Lemma weight_ge0 x : 0 <= weight x.
Proof. by rewrite /weight; case: odd; rewrite ?invr_ge0 ?ler0n. Qed.

Lemma twice_sum_weight_even N : {in N, forall x, ~~ odd x} ->
  2 * \sum_(x in N) weight x = #|N|%:R.
Proof.
move=> evenN; rewrite (eq_bigr (fun _ => 2^-1)) => [|x /evenN /negbTE ex]; last first.
  by rewrite /weight ex.
by rewrite sumr_const mulrnAr mulfV ?pnatr_eq0.
Qed.

Lemma primary_even N : N \subset primaries -> {in N, forall x, ~~ odd x}.
Proof. by move=> /subsetP Nprim x /Nprim; rewrite inE => /andP []. Qed.

Lemma sum_weight_le_potential N : \sum_(x in N) weight x <= potential N.
Proof.
rewrite /potential; case: ifP => // /primary_even /twice_sum_weight_even.
have : 0 <= \sum_(x in N) weight x by apply: sumr_ge0 => x _; apply: weight_ge0.
lra.
Qed.

Lemma twice_sum_weight_good N : good N -> 2 * \sum_(x in N) weight x <= lower N.
Proof.
rewrite /lower /potential => /orP [Nprim | Nhub].
  by rewrite Nprim twice_sum_weight_even ?le_max ?lexx ?orbT //; apply: primary_even.
rewrite twice_sum_weight_even => [|x /(subsetP Nhub)]; last by rewrite inE => /eqP -> /=; lia.
have := subset_leq_card Nhub; rewrite cards1 -(ler_nat R) => N1.
by rewrite le_max (le_trans N1).
Qed.

Lemma good_sub N N' : N \subset N' -> good N' -> good N.
Proof. by rewrite /good => NN' /orP [] /(subset_trans NN') ->; rewrite ?orbT. Qed.

Definition witnesses M x y :=
  [/\ x \in M, y \in M, M :&: A x :&: A y = set0, good (M :&: A x) & good (M :&: A y)].

Section LowerBoundStep.
Variables (beta : {set 'I_m} -> R) (M : {set 'I_m}) (fam : seq ({set 'I_m} * R)).
Hypotheses (vfam : valid_family M fam)
  (lower_le : forall N, N != set0 -> N \proper M -> lower N <= beta N).

Lemma one_le_cost r : r \in M -> 1 <= cost beta M fam.
Proof.
move=> rM; pose u k : R := (k == r)%:R.
have sum_u N : \sum_(k in N) u k = (r \in N)%:R.
  case: (boolP (r \in N)) => rN.
    by rewrite (bigD1 r) //= /u eqxx big1 ?addr0 // => k /andP [_ /negbTE ->].
  by rewrite big1 // => k kN; rewrite /u; case: eqP kN rN => // -> ->.
suff : \sum_(k in M) u k <= cost beta M fam by rewrite sum_u rM.
apply: (family_cost_ge_dual vfam rM rM) => [k|N N0 NM]; first by rewrite ler0n.
have := lower_le N0 NM; rewrite ge_max sum_u => /andP [beta1 _].
case: (boolP (r \in N)) => rN /=; last by rewrite mulr0 mulr_ge0 ?addr_ge0 ?ler0n //; lra.
have -> : ~~ (N \subset A r) by apply: contraNN (I6_irrefl r) => /subsetP; apply.
by rewrite /=; lra.
Qed.

Lemma card_le_cost r : r \in M -> M \subset primaries -> #|M|%:R <= cost beta M fam.
Proof.
move=> rM Mprim; suff : \sum_(k in M) (1 : R) <= cost beta M fam by rewrite sumr_const.
apply: (family_cost_ge_dual vfam rM rM) => [k|N N0 NM]; first exact: ler01.
have Nprim : N \subset primaries := subset_trans (proper_sub NM) Mprim.
have -> : ~~ (N \subset A r).
  have [k kN] := set0Pn _ N0; apply/negP => /subsetP /(_ k kN).
  have := subsetP Nprim k kN; rewrite inE mem_I6_primary; last by rewrite -inE (subsetP Mprim).
  by rewrite /primary -!val_eqE /=; lia.
have := lower_le N0 NM; rewrite ge_max /potential Nprim => /andP [_ Nle].
by rewrite sumr_const /=; lra.
Qed.

Lemma sum_weight_le_cost x y : witnesses M x y -> \sum_(k in M) weight k <= cost beta M fam.
Proof.
case=> xM yM disj goodx goody; apply: (family_cost_ge_dual vfam xM yM weight_ge0) => N N0 NM.
have NsubM := proper_sub NM; have lowerN := lower_le N0 NM.
have := lowerN; rewrite ge_max => /andP [_ potN].
have := sum_weight_le_potential N => weightN.
have good_known z : N \subset A z -> good (M :&: A z) -> 2 * \sum_(k in N) weight k <= beta N.
  move=> NAz goodz; apply: le_trans lowerN.
  by apply/twice_sum_weight_good/(good_sub _ goodz); rewrite subsetI NsubM.
case: (boolP (N \subset A x)) => Nx; case: (boolP (N \subset A y)) => Ny /=.
- by move: N0; rewrite -subset0 -disj !subsetI NsubM Nx Ny.
- by rewrite add0r mulr1; apply: good_known goodx.
- by rewrite addr0 mulr1; apply: good_known goody.
- by lra.
Qed.

End LowerBoundStep.

Lemma witnesses_self M x : x \in M -> M :&: A x = set0 -> witnesses M x x.
Proof. by move=> xM Mx; split; rewrite ?Mx ?set0I // /good sub0set. Qed.

Lemma witnesses_odd M b : b \in M -> odd b -> exists x y, witnesses M x y.
Proof.
move=> bM ob.
have good_odd b' : odd b' -> good (M :&: A b').
  move=> ob'; apply/orP; left; apply/subsetP => x; have := ltn_ord b'.
  by rewrite in_setI mem_I6_odd // inE /primary -val_eqE /=; lia.
case: (boolP [exists b' in M, odd b' && (b' != b)]) => [|/exists_inPn uniq_odd].
  case/exists_inP => b' b'M /andP [ob' b'b]; exists b, b'; split; rewrite ?good_odd //.
  by apply/setP => x; move: b'b; rewrite !in_setI !mem_I6_odd // inE -val_eqE /=; lia.
case: (boolP [exists a in M, a.+1 == b :> nat]) => [|/exists_inPn no_pred]; last first.
  exists b, b; apply: witnesses_self => //.
  apply/setP => x; rewrite in_setI (mem_I6_odd _ ob) inE.
  by apply/negP => /andP [xM xb]; have := no_pred x xM; rewrite xb.
case/exists_inP => a aM /eqP ab.
have pa : primary a by have := ltn_ord b; rewrite /primary -val_eqE /=; lia.
exists b, a; split => //; [|exact: good_odd|].
  apply/setP => x; rewrite !in_setI (mem_I6_odd _ ob) in_set0.
  apply/negP => /andP [/andP [_ /eqP xb]].
  have -> : x = a by apply/val_inj/succn_inj; rewrite /= xb ab.
  by rewrite (negbTE (I6_irrefl a)).
apply/orP; right; apply/subsetP => x; rewrite in_setI mem_I6_primary // inE.
case/andP => xM /orP [/andP [ox xa] | //].
move: (uniq_odd x xM); rewrite ox /= negbK => /eqP xb.
by move: xa; rewrite xb -ab eqxx.
Qed.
--------
EXERCISE BRIEF: Copy the whole listing out exactly, so that every line matches what is above.

TASK RESPONSE:
Lemma weight_ge0 x : 0 <= weight x.
Proof. by rewrite /weight; case: odd; rewrite ?invr_ge0 ?ler0n. Qed.

Lemma twice_sum_weight_even N : {in N, forall x, ~~ odd x} ->
  2 * \sum_(x in N) weight x = #|N|%:R.
Proof.
move=> evenN; rewrite (eq_bigr (fun _ => 2^-1)) => [|x /evenN /negbTE ex]; last first.
  by rewrite /weight ex.
by rewrite sumr_const mulrnAr mulfV ?pnatr_eq0.
Qed.

Lemma primary_even N : N \subset primaries -> {in N, forall x, ~~ odd x}.
Proof. by move=> /subsetP Nprim x /Nprim; rewrite inE => /andP []. Qed.

Lemma sum_weight_le_potential N : \sum_(x in N) weight x <= potential N.
Proof.
rewrite /potential; case: ifP => // /primary_even /twice_sum_weight_even.
have : 0 <= \sum_(x in N) weight x by apply: sumr_ge0 => x _; apply: weight_ge0.
lra.
Qed.

Lemma twice_sum_weight_good N : good N -> 2 * \sum_(x in N) weight x <= lower N.
Proof.
rewrite /lower /potential => /orP [Nprim | Nhub].
  by rewrite Nprim twice_sum_weight_even ?le_max ?lexx ?orbT //; apply: primary_even.
rewrite twice_sum_weight_even => [|x /(subsetP Nhub)]; last by rewrite inE => /eqP -> /=; lia.
have := subset_leq_card Nhub; rewrite cards1 -(ler_nat R) => N1.
by rewrite le_max (le_trans N1).
Qed.

Lemma good_sub N N' : N \subset N' -> good N' -> good N.
Proof. by rewrite /good => NN' /orP [] /(subset_trans NN') ->; rewrite ?orbT. Qed.

Definition witnesses M x y :=
  [/\ x \in M, y \in M, M :&: A x :&: A y = set0, good (M :&: A x) & good (M :&: A y)].

Section LowerBoundStep.
Variables (beta : {set 'I_m} -> R) (M : {set 'I_m}) (fam : seq ({set 'I_m} * R)).
Hypotheses (vfam : valid_family M fam)
  (lower_le : forall N, N != set0 -> N \proper M -> lower N <= beta N).

Lemma one_le_cost r : r \in M -> 1 <= cost beta M fam.
Proof.
move=> rM; pose u k : R := (k == r)%:R.
have sum_u N : \sum_(k in N) u k = (r \in N)%:R.
  case: (boolP (r \in N)) => rN.
    by rewrite (bigD1 r) //= /u eqxx big1 ?addr0 // => k /andP [_ /negbTE ->].
  by rewrite big1 // => k kN; rewrite /u; case: eqP kN rN => // -> ->.
suff : \sum_(k in M) u k <= cost beta M fam by rewrite sum_u rM.
apply: (family_cost_ge_dual vfam rM rM) => [k|N N0 NM]; first by rewrite ler0n.
have := lower_le N0 NM; rewrite ge_max sum_u => /andP [beta1 _].
case: (boolP (r \in N)) => rN /=; last by rewrite mulr0 mulr_ge0 ?addr_ge0 ?ler0n //; lra.
have -> : ~~ (N \subset A r) by apply: contraNN (I6_irrefl r) => /subsetP; apply.
by rewrite /=; lra.
Qed.

Lemma card_le_cost r : r \in M -> M \subset primaries -> #|M|%:R <= cost beta M fam.
Proof.
move=> rM Mprim; suff : \sum_(k in M) (1 : R) <= cost beta M fam by rewrite sumr_const.
apply: (family_cost_ge_dual vfam rM rM) => [k|N N0 NM]; first exact: ler01.
have Nprim : N \subset primaries := subset_trans (proper_sub NM) Mprim.
have -> : ~~ (N \subset A r).
  have [k kN] := set0Pn _ N0; apply/negP => /subsetP /(_ k kN).
  have := subsetP Nprim k kN; rewrite inE mem_I6_primary; last by rewrite -inE (subsetP Mprim).
  by rewrite /primary -!val_eqE /=; lia.
have := lower_le N0 NM; rewrite ge_max /potential Nprim => /andP [_ Nle].
by rewrite sumr_const /=; lra.
Qed.

Lemma sum_weight_le_cost x y : witnesses M x y -> \sum_(k in M) weight k <= cost beta M fam.
Proof.
case=> xM yM disj goodx goody; apply: (family_cost_ge_dual vfam xM yM weight_ge0) => N N0 NM.
have NsubM := proper_sub NM; have lowerN := lower_le N0 NM.
have := lowerN; rewrite ge_max => /andP [_ potN].
have := sum_weight_le_potential N => weightN.
have good_known z : N \subset A z -> good (M :&: A z) -> 2 * \sum_(k in N) weight k <= beta N.
  move=> NAz goodz; apply: le_trans lowerN.
  by apply/twice_sum_weight_good/(good_sub _ goodz); rewrite subsetI NsubM.
case: (boolP (N \subset A x)) => Nx; case: (boolP (N \subset A y)) => Ny /=.
- by move: N0; rewrite -subset0 -disj !subsetI NsubM Nx Ny.
- by rewrite add0r mulr1; apply: good_known goodx.
- by rewrite addr0 mulr1; apply: good_known goody.
- by lra.
Qed.

End LowerBoundStep.

Lemma witnesses_self M x : x \in M -> M :&: A x = set0 -> witnesses M x x.
Proof. by move=> xM Mx; split; rewrite ?Mx ?set0I // /good sub0set. Qed.

Lemma witnesses_odd M b : b \in M -> odd b -> exists x y, witnesses M x y.
Proof.
move=> bM ob.
have good_odd b' : odd b' -> good (M :&: A b').
  move=> ob'; apply/orP; left; apply/subsetP => x; have := ltn_ord b'.
  by rewrite in_setI mem_I6_odd // inE /primary -val_eqE /=; lia.
case: (boolP [exists b' in M, odd b' && (b' != b)]) => [|/exists_inPn uniq_odd].
  case/exists_inP => b' b'M /andP [ob' b'b]; exists b, b'; split; rewrite ?good_odd //.
  by apply/setP => x; move: b'b; rewrite !in_setI !mem_I6_odd // inE -val_eqE /=; lia.
case: (boolP [exists a in M, a.+1 == b :> nat]) => [|/exists_inPn no_pred]; last first.
  exists b, b; apply: witnesses_self => //.
  apply/setP => x; rewrite in_setI (mem_I6_odd _ ob) inE.
  by apply/negP => /andP [xM xb]; have := no_pred x xM; rewrite xb.
case/exists_inP => a aM /eqP ab.
have pa : primary a by have := ltn_ord b; rewrite /primary -val_eqE /=; lia.
exists b, a; split => //; [|exact: good_odd|].
  apply/setP => x; rewrite !in_setI (mem_I6_odd _ ob) in_set0.
  apply/negP => /andP [/andP [_ /eqP xb]].
  have -> : x = a by apply/val_inj/succn_inj; rewrite /= xb ab.
  by rewrite (negbTE (I6_irrefl a)).
apply/orP; right; apply/subsetP => x; rewrite in_setI mem_I6_primary // inE.
case/andP => xM /orP [/andP [ox xa] | //].
move: (uniq_odd x xM); rewrite ox /= negbK => /eqP xb.
by move: xa; rewrite xb -ab eqxx.
Qed.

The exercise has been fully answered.